Publication protocol
Deidentified stool specimens from patients who provided samples for Clostridium difficile testing were used for this evaluation. One microliter of remnant stool was inoculated and aseptically streaked for isolation onto each of the five chromogenic media: the InTray Colorex VRE (BioMed Diagnostics, White City, OR), chromID VRE (bioMérieux, Marcy l'Étoile, France), VRESelect (Bio-Rad, Marnes-la-Coquette, France), HardyCHROM VRE (Hardy Diagnostics, Santa Maria, CA), and Spectra VRE (Remel, Lenexa, KS), along with BEAV agar (6 μg/ml vancomycin) (Enterococcosel; BD Diagnostics, Sparks, MD) and BEAV broth (6 μg/ml vancomycin) (BEAV broth; Hardy Diagnostics). At the time of this study, BEAV agar was routinely used for VRE surveillance at the Johns Hopkins Hospital. For the purposes of this study, BEAV broth was added in order to enhance VRE detection performance. The media and BEAV broths and all chromogenic media were incubated in the dark, in non-CO2, at 35 to 37°C. The identification of the enterococci from the chromogenic agars was based on the observation of appropriately colored colonies and supplemental testing (Gram stain, catalase, and l-pyrrolidonyl-β-naphthylamide enzyme [PYR]) if required, as per the manufacturers' instructions. Vancomycin susceptibility tests were performed using Etest (AB bioMérieux, Durham, NC) for the VRE isolates recovered from each medium.
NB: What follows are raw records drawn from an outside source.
Lemma ffact_leq_expn n k : n ^_ k <= n ^ k.
Proof.
elim: k => [|k IH]; first by rewrite ffactn0 expn0.
by rewrite ffactnSr expnSr leq_mul // leq_subr.
Qed.

(* [n^k - n^_k <= k^2 n^(k-1)], multiplied by [n] to avoid subtraction. *)
Lemma ffact_expn_gap n k : n * n ^ k <= n * n ^_ k + k * k * n ^ k.
Proof.
elim: k => [|k IH]; first by rewrite ffactn0 expn0 !muln1 mul0n addn0.
have step : n * n ^_ k <= n ^_ k.+1 + k * n ^ k.
  rewrite ffactnSr; case: (leqP k n) => [le_kn|lt_nk].
    by have := ffact_leq_expn n k; nia.
  by rewrite ffact_small // muln0.
have IH' : n * (n * n ^ k) <= n * (n * n ^_ k) + n * (k * k * n ^ k).
  by rewrite -mulnDr leq_mul2l IH orbT.
have step' : n * (n * n ^_ k) <= n * n ^_ k.+1 + n * (k * n ^ k).
  by rewrite -mulnDr leq_mul2l step orbT.
rewrite expnSr.
move: IH' step'; set a := n ^ k; set b := n ^_ k; set c := n ^_ k.+1; nia.
Qed.

Local Open Scope ring_scope.
Local Open Scope sesquilinear_scope.

Lemma char_poly_invmx_conj (R : comUnitRingType) n (P A : 'M[R]_n) :
  P \in unitmx -> char_poly (invmx P *m A *m P) = char_poly A.
Proof.
move=> Pu; rewrite /char_poly.
have PVP : map_mx polyC (invmx P) *m map_mx polyC P = 1%:M.
  by rewrite -map_mxM mulVmx // map_mx1.
have -> : char_poly_mx (invmx P *m A *m P) =
    map_mx polyC (invmx P) *m char_poly_mx A *m map_mx polyC P.
  rewrite /char_poly_mx mulmxBr mulmxBl !map_mxM; congr (_ - _).
  by rewrite -mulmxA -scalar_mxC mulmxA PVP mul1mx.
by rewrite !det_mulmx mulrAC -det_mulmx PVP det1 mul1r.
Qed.

Lemma eigvals_invmx_conj_diag n (P : 'M[algC]_n) x : P \in unitmx ->
  perm_eq (eigvals (invmx P *m diag_mx x *m P)) [seq x 0 i | i <- enum 'I_n].
Proof.
move=> Pu; rewrite /eigvals; case: closed_field_poly_normal => r /= Er.
apply: prod_XsubC_eq.
move: Er; rewrite char_poly_invmx_conj // (monicP (char_poly_monic _)) scale1r => <-.
rewrite char_poly_trig ?diag_mx_is_trig // big_map big_enum /=.
by apply: eq_bigr => i _; rewrite mxE eqxx mulr1n.
Qed.

Lemma trmxC_invmx_conj_diag (C : numClosedFieldType) n (P : 'M[C]_n) a :
  P \is unitarymx ->
  (invmx P *m diag_mx a *m P)^t* = invmx P *m diag_mx (map_mx conjC a) *m P.
Proof.
move=> Pu; rewrite !trmx_mul !map_mxM tr_diag_mx map_diag_mx invmx_unitary //.
by rewrite trmxCK mulmxA.
Qed.

Lemma mulmx_invmx_conj_diag (R : comUnitRingType) n (P : 'M[R]_n) a b :
  P \in unitmx ->
  (invmx P *m diag_mx a *m P) *m (invmx P *m diag_mx b *m P) =
  invmx P *m diag_mx (\row_j (a 0 j * b 0 j)) *m P.
Proof. by move=> Pu; rewrite !mulmxA mulmxK // -(mulmxA (invmx P)) mulmx_diag. Qed.

Lemma adjointmxE n (M : 'M[algC]_n) : adjointmx M = M^t*.
Proof. by apply/matrixP => i j; rewrite !mxE. Qed.

(* In the eigenbasis of [M], the unitary [U] multiplies each eigenvalue by
   its conjugate phase, so that [\tr (M *m U)] is the sum of their moduli. *)
Lemma trnorm_normal n (M : 'M[algC]_n) : M \is normalmx ->
  exists2 U : 'M_n, U \is unitarymx &
    trnorm M = \tr (M *m U) /\ trnorm M \is Num.real.
Proof.
move=> /orthomx_spectralP; set P := spectralmx M; set x := spectral_diag M => EM.
have Pu : P \is unitarymx by apply: spectral_unitarymx.
have Pi : P \in unitmx by apply: unitarymx_unit.
have trnormE : trnorm M = \sum_i `|x 0 i|.
  rewrite /trnorm adjointmxE EM trmxC_invmx_conj_diag // mulmx_invmx_conj_diag //.
  rewrite (perm_big _ (eigvals_invmx_conj_diag _ Pi)) big_map big_enum /=.
  by apply: eq_bigr => i _; rewrite mxE mxE mulrC -normCK sqrCK.
pose e := \row_i (if x 0 i == 0 then 1 else `|x 0 i| / x 0 i).
exists (invmx P *m diag_mx e *m P); [|split].
- apply/unitarymxP; rewrite trmxC_invmx_conj_diag // mulmx_invmx_conj_diag //.
  have -> : \row_j (e 0 j * (map_mx conjC e) 0 j) = const_mx 1.
    apply/rowP => j; rewrite !mxE; case: ifP => [_|/negbT nz].
      by rewrite conjC1 mulr1.
    by rewrite -normCK normf_div normr_id divff ?expr1n // normr_eq0.
  by rewrite diag_const_mx mulmx1 mulVmx.
- rewrite trnormE EM mulmx_invmx_conj_diag // mxtrace_mulC mulmxA mulmxV //.
  rewrite mul1mx mxtrace_diag; apply: eq_bigr => i _; rewrite !mxE.
  by case: eqP => [->|/eqP nz]; rewrite ?normr0 ?mul0r // mulrC divfK.
- by rewrite trnormE rpred_sum // => i _; rewrite normr_real.
Qed.

Lemma trnorm_le_trace_bound n (M : 'M[algC]_n) (c : algC) : M^t* = M ->
  (forall U : 'M_n, U \is unitarymx ->
     \tr (M *m U) + (\tr (M *m U))^* <= 2 * c) ->
  trnorm M <= c.
Proof.
move=> selfadj bound.
have normalM : M \is normalmx by rewrite qualifE /= selfadj eqxx.
have [U Uu [-> /CrealP real_tr]] := trnorm_normal normalM.
rewrite -(ler_pM2l (_ : 0 < 2)) ?ltr0n // mulr_natl mulr2n -{2}real_tr.
exact: bound.
Qed.

Section RealVectors.

Variables (C : numClosedFieldType) (n : nat).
At 24 h, BEAV broths with black color development were subcultured to 5% sheep blood agar and incubated for an additional 18 to 24 h. Catalase-negative PYR-positive colonies were sent to the BD Phoenix automated microbiology system (BD Diagnostics, Sparks, MD) for identification to the species level and susceptibility testing. The vancomycin susceptibility results were reported using current Clinical and Laboratory Standards Institute interpretive guidelines (vancomycin resistant, MIC > 32 μg/ml) (12). A positive result for a chromogenic agar that did not match the results of the BEAV broth was assessed by subculturing the organisms from each chromogenic medium and BEAV broth to 5% sheep blood agar again for reidentification and repeat susceptibility, as described above, using BD Phoenix and Etest. If the identification of the colored colony did not match the Phoenix identification, it was considered an incorrect identification. Appropriately colored colonies growing directly on chromogenic medium identified as VRE and the results of the subculture from positive BEAV plates and broth served as a combined true-positive gold standard for this study after the resolution of discrepancies by repeat testing.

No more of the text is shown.